Inflammation is known to be a major determinant of the progression of coronary artery disease (CAD). In the present study we have evaluated the plasma levels of cytokines-tumor necrosis factor-alpha (TNF), interleukin- 1 alpha (IL-1), interleukin-6 (IL-6), interferon-gamma (IFN), and interleukin-10 (IL-10)- to examine the association between these cytokines and C-reactive protein (CRP) in patients with CAD.


Patients with acute coronary syndromes (ACS; n = 20) were compared with patients with stable angina (SA; n= 20) and with control volunteers (C; n= 20). Blood samples were collected at the time of admission from all patients and 15 and 30 days thereafter.
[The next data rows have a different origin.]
Definition measurable_wrt (G : set (set T)) (Z : T -> R) : Prop :=
  forall B : set R, measurable B -> G (Z @^-1` B).

Definition is_cond_exp (G : set (set T)) (Y Z : T -> R) : Prop :=
  [/\ measurable_wrt G Z, P.-integrable setT (EFin \o Z) &
      forall A, G A -> (\int[P]_(w in A) (Y w)%:E = \int[P]_(w in A) (Z w)%:E)%E].

Definition Hlin1 (m : nat) (X : nat -> T -> R) : set (T -> R) :=
  [set delta | [/\ exists (eta0 : R) (eta : nat -> R),
                     delta = (fun w => eta0 + \sum_(j < m) eta j * X j w),
                   (expectation P delta = 0)%E,
                   (expectation P (fun w => delta w ^+ 2)%R = 1)%E &
                   forall j, (1 <= j < m)%N -> (expectation P (fun w => X j w * delta w)%R = 0)%E]].

(* partial linear mean impact of X_1 on Y given X_2..X_m;
   convention: 0 if H^lin_1 is empty *)
Definition partial_lin_impact (m : nat) (X : nat -> T -> R) (Y : T -> R) : \bar R :=
  if `[< Hlin1 m X = set0 >] then 0%E
  else ereal_sup [set expectation P (fun w => Y w * delta w)%R | delta in Hlin1 m X].

Definition free_of_confounding (m : nat) (X : nat -> T -> R) : Prop :=
  forall Y : T -> R, sq_integrable Y ->
    (exists Z : T -> R,
        [/\ is_cond_exp (sigmaX X [set j | (j < m)%N]) Y Z,
            measurable_wrt (sigmaX X [set j | (1 <= j < m)%N]) Z &
            sq_integrable Z]) ->
    partial_lin_impact m X Y = 0%E.

End defs.

(* If E(X_1 | X_2..X_m) = L is linear, every delta in H^lin_1 splits as
   delta' + eta_1 (X_1 - L) with delta' a linear function of X_2..X_m; the
   constraints defining H^lin_1 make delta' orthogonal to 1, X_2, ..., X_m,
   hence to itself, so delta' = 0 in L^2.  If E(Y | X) = Z is a function of
   X_2..X_m, then E[Y delta] = E[Z delta] = eta_1 E[Z (X_1 - L)] = 0.
   Conversely, let r = X_1 - L be the residual of the L^2 projection of X_1
   onto the span of 1, X_2, ..., X_m.  If r <> 0 then +-r/|r| lies in H^lin_1,
   and for A in sigma(X_2..X_m) the indicator 1_A is its own conditional
   expectation; freedom of confounding gives +-E[1_A r] <= 0, so E[1_A r] = 0
   and L is a version of E(X_1 | X_2..X_m). *)

From HB Require Import structures.
From mathcomp Require Import all_boot all_order all_algebra.
From mathcomp Require Import all_classical all_reals all_analysis.
From mathcomp Require Import measurable_realfun ring.
Import Order.TTheory GRing.Theory Num.Theory.
Set Implicit Arguments.
Unset Strict Implicit.
Unset Printing Implicit Defensive.
Local Open Scope classical_set_scope.
Local Open Scope ring_scope.
Lemma fg_projective_dual_basis : fg_projective f ->
  exists n (xs ys : 'I_n -> A), forall z, \sum_i xs i * f (Ef (ys i * z)) = z.
Proof.
move=> [n [p [q [pD qD pMf qMf qpK]]]].
pose delta (i : 'I_n) : {ffun 'I_n -> B} := [ffun j => (j == i)%:R].
have delta_expansion (w : {ffun 'I_n -> B}) : \sum_i [ffun j => delta i j * w i] = w.
  apply/ffunP => j; rewrite sum_ffunE (bigD1 j) //= !ffunE eqxx mul1r big1 ?addr0 //.
  by move=> i /negbTE nij; rewrite !ffunE eq_sym nij mul0r.
have qE w : q w = \sum_i q (delta i) * f (w i).
  rewrite -{1}(delta_expansion w) (additive_fun_sum qD).
  by apply: eq_bigr => i _; rewrite qMf.
have [ys Hys] : exists ys : 'I_n -> A, forall i z, Ef (ys i * z) = p z i.
  apply: (@fin_all_exists _ (fun _ => A) (fun i y => forall z, Ef (y * z) = p z i)) => i.
  apply: Ef_onto; split=> [x y|x b]; first by rewrite pD ffunE.
  by rewrite pMf ffunE.
exists n, (fun i => q (delta i)), ys => z.
by rewrite -{2}(qpK z) qE; apply: eq_bigr => i _; rewrite Hys.
Qed.

Lemma generator_dual_basis : generator f ->
  exists k (as_ rs : 'I_k -> A), \sum_c Ef (rs c * as_ c) = 1.
Proof.
move=> [k [p [q [pD qD pMf qMf qpK]]]].
pose single (c : 'I_k) (z : A) : {ffun 'I_k -> A} := [ffun j => if j == c then z else 0].
have [rs Hrs] : exists rs : 'I_k -> A, forall c z, Ef (rs c * z) = q (single c z).
  apply: (@fin_all_exists _ (fun _ => A) (fun c y => forall z, Ef (y * z) = q (single c z))) => c.
  apply: Ef_onto; split=> [x y|x b].
    rewrite -qD; congr (q _); apply/ffunP => j; rewrite !ffunE.
    by case: (j == c); rewrite ?addr0.
  rewrite -qMf; congr (q _); apply/ffunP => j; rewrite !ffunE.
  by case: (j == c); rewrite ?mul0r.
exists k, (fun c => p 1 c), rs.
under eq_bigr do rewrite Hrs.
rewrite -(additive_fun_sum qD) -{2}(qpK 1); congr (q _).
apply/ffunP => j; rewrite sum_ffunE (bigD1 j) //= !ffunE eqxx big1 ?addr0 //.
by move=> c /negbTE ne; rewrite ffunE eq_sym ne.
Qed.

End FrobeniusData.

Lemma End_tau (A B E : pzRingType) (f : {rmorphism B -> A}) (theta : E -> A -> A)
    (Ef : A -> B) :
  additive_fun Ef -> (forall x b, Ef (x * f b) = Ef x * b) -> is_End f theta ->
  exists tau : A -> E, forall y z, theta (tau y) z = f (Ef (y * z)).
Proof.
move=> EfD EfMf [_ _ _ _ theta_onto].
have tau_ex y : {e : E | forall z, theta e z = f (Ef (y * z))}.
  apply: constructive_indefinite_description; apply: theta_onto.
  split=> [x x'|x b]; first by rewrite mulrDr EfD rmorphD.
  by rewrite mulrA EfMf rmorphM.
by exists (fun y => sval (tau_ex y)) => y z; case: (tau_ex y).
Qed.

Theorem theorem5p7 (A B : pzRingType) (f : {rmorphism B -> A})
    (E : pzRingType) (theta : E -> A -> A) (lambda : {rmorphism A -> E}) :
  Frobenius f -> generator f ->
  is_End f theta -> (forall a x, theta (lambda a) x = a * x) ->
  D2 lambda -> D2 f.
Proof.
move=> [fgp /frob_iso_form[Ef [EfD EfMf EffM Ef_nondeg Ef_onto]]] gen theta_End.
have [n [xs [ys dual_basis]]] := fg_projective_dual_basis Ef_onto fgp.
have [k [as_ [rs gen_unit]]] := generator_dual_basis Ef_onto gen.
have [tau theta_tau] := End_tau EfD EfMf theta_End.
case: theta_End => theta_rlin_endo thetaD [thetaM _] theta_inj _ theta_lambda.
have theta_additive e : additive_fun (theta e) by case: (theta_rlin_endo e).
have theta_rlin e : forall x b, theta e (x * f b) = theta e x * f b.
  by case: (theta_rlin_endo e).
exact: (D2_descent EfD EfMf EffM Ef_nondeg dual_basis theta_additive theta_rlin
  thetaD thetaM theta_inj theta_lambda theta_tau gen_unit).
Qed.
CRP levels (20.8+/-8.8 mg/L) (mean+/-SEM) were higher at baseline in ACS than SA patients (4.1+/-0.8mg/L) or the control subjects (5.1+/-1.8mg/L) (p<0.05). At admission, IL-6 was detected in 50% of the ACS patients and 5% of the SA patients or control subjects, while TNF was detected in 35% of the ACS and SA patients but only in 5% of control subjects. Subsequently, IL-6 levels declined and were no longer detectable, while TNF levels increased among ACS patients at all time periods tested when compared with other patients. The presence of IL-1 and IL-10 were not detectable in the blood samples examined, and IFN could only be detected in the ACS group. A significant correlation was observed between IL-6 and CRP levels (r=0.4; p<0.01) in all groups. There were no correlations among any of the other cytokines and CRP levels.


Our study demonstrates raised levels of TNF, IL-6, IFN, and CRP in patients with ACS and a positive correlation between IL-6 and CRP but not with the other cytokines.